And then I began to realize that however professional my work might appear, even however original it might be, it still did not contain the central person which, for good or ill, was myself…. All my views and notions on life and politics, all this material and much more which must constitute the substance of whatever person I was, lay outside the scope of my own painting.

What was missing was not only Shahn himself but the era to which he belonged. There was little in his life that might square with the light-filled vistas of Cézanne and Matisse. He was born in 1898 to Jewish parents in the Russian Empire’s Pale of Settlement, in what is now Lithuania; his family was poor and under threat from antisemitic violence. In 1902 his father, a socialist and a wood-carver, was exiled to Siberia for alleged anti-tsarist activity. After escaping, he made his way to Williamsburg, Brooklyn, where the rest of the family joined him in 1906, among the waves of European immigrants to the US at the turn of the century.

When Shahn was fifteen, his parents pulled him from school and apprenticed him to a lithographer on the Lower East Side to help support the family. By 1919 he was taking night classes at the National Academy of Design, and he traveled to Europe twice in the 1920s, returning just before the stock market crash in 1929; he later felt that Europe had “detoured” him from finding his own direction. Shahn had developed an obsession with injustice during his childhood, and the devastation of the Depression renewed it. In 1930 he embarked on a new series: watercolor portraits of the central figures in the Dreyfus Affair. Shahn based them on news photographs and gave them short, hand-drawn captions, but they resemble charming illustrations more than complex artworks.

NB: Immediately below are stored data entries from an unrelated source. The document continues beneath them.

Lemma sdot_le_dual_norm (a b : vec) : sdot a b <= dual_norm nrm a * nrm b.
Proof.
have [->|b0] := eqVneq b 0; first by rewrite sdot0r nrm0 mulr0.
have nb := nrm_gt0 b0.
have [c c0 cle] := nrm_ge_norm.
(* By [nrm_ge_norm] the supremum defining the dual norm is finite. *)
pose y := (nrm b)^-1 *: b.
have ny : nrm y = 1 by rewrite nrmZ normfV gtr0_norm // mulVf // gt_eqF.
have hs : has_sup [set sdot a x | x in [set x | nrm x = 1]].
  split; first by exists (sdot a y); exists y.
  exists (n%:R * `|a| / c) => _ [x /= nx <-].
  apply: le_trans (ler_norm _) _; apply: le_trans (sdot_le_norm _ _) _.
  have := cle x; rewrite nx ler_pdivlMr // => cx.
  have na : 0 <= n%:R * `|a| by exact: mulr_ge0.
  have -> : n%:R * `|a| * `|x| * c = n%:R * `|a| * (c * `|x|) by ring.
  by apply: ler_piMr.
have := sup_upper_bound hs (ex_intro2 _ _ y ny erefl).
rewrite -/(dual_norm nrm a) /y sdotZr => h.
have -> : sdot a b = nrm b * ((nrm b)^-1 * sdot a b) by field; rewrite gt_eqF.
by rewrite mulrC; apply: ler_wpM2r => //; exact: ltW.
Qed.

End Norm.

Section SmoothConvex.
Variables (R : realType) (n : nat).
Local Notation vec := 'rV[R]_n.
Variables (f : vec -> R) (gradf : vec -> vec).
Hypothesis cf : convex_fun f.
Hypothesis df : forall p, differentiable f p /\ forall h, 'd f p h = sdot (gradf p) h.

Lemma convex_gradient_ineq x y : f x + sdot (gradf x) (y - x) <= f y.
Proof.
have [dfx dfE] := df x.
have dvb : derivable f x (y - x) := diff_derivable dfx.
rewrite -dfE -deriveE // -lerBrDl /derive cvg_at_rightE //.
apply: limr_le.
  rewrite -(cvg_at_rightE (fun h : R => h^-1 *: ((f \o shift x) (h *: (y - x)) - f x))) //.
  apply: cvg_trans dvb; apply: cvg_app.
  move=> A [e egt0 Ae]; exists e => // t te tgt0; apply: Ae => //.
  exact/lt0r_neq0.
near=> h.
have h0 : 0 < h by near: h; exists 1 => /=.
have h1 : h <= 1.
  near: h; exists 1 => //= t; rewrite /= distrC subr0 => /(le_lt_trans (ler_norm _)) /ltW.
  by [].
rewrite /= [h^-1 *: _]mulrC ler_pdivrMr //.
have -> : h *: (y - x) + x = h *: y + (1 - h) *: x by apply/rowP => i; rewrite !mxE; ring.
have := cf y x (t:=h); rewrite h1 ltW // => /(_ isT).
lra.
Unshelve. all: by end_near.
Qed.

In his next two series of paintings, Shahn addressed the controversial trials of the Italian immigrants and anarchists Nicola Sacco and Bartolomeo Vanzetti, who were executed in Massachusetts in 1927 for two murders that many people believed they did not commit, and of the labor leader Tom Mooney, who was convicted of bombing the 1916 Preparedness Day parade in San Francisco and eventually pardoned after serving twenty-two years in prison. Shahn again based his paintings on news clippings and other photographs but now added his own point of view. The Passion of Sacco and Vanzetti (1931–1932) depicts the two executed men at the bottom of a large vertical canvas, their pale faces just visible over the rims of their coffins. Much of the composition is given to the trio of commissioners who, tasked with investigating charges of bias in the trial, upheld the verdict—their faces sagging and stony, their staid officiousness echoing the resolute lines of the courthouse behind them. Two of the men hold white lilies, symbols of innocence and rebirth, though their dead eyes stare into the middle distance, not at the martyred dead.

Shahn worked against what he saw as a rising tide of artistic “disengagement” at the end of the 1920s—no doubt a veiled reference to abstraction. “As artists of a decade or so earlier had delighted to épater le bourgeois,” he writes in “The Biography of a Painting,” “so I found it pleasant, to borrow a line from Leonard Baskin, to épater l’avant-garde.” Accessibility was essential to his new vision of art; the demand for justice must be legible to a wide audience. His paintings of Sacco and Vanzetti drew the usual art crowd and also what he referred to as “an entirely new kind of public,” including immigrants, journalists, and other sympathizers. The humorist Robert Benchley sent Shahn a book about the case, inscribed, “To Ben Shahn without whom this crime could never have been committed.”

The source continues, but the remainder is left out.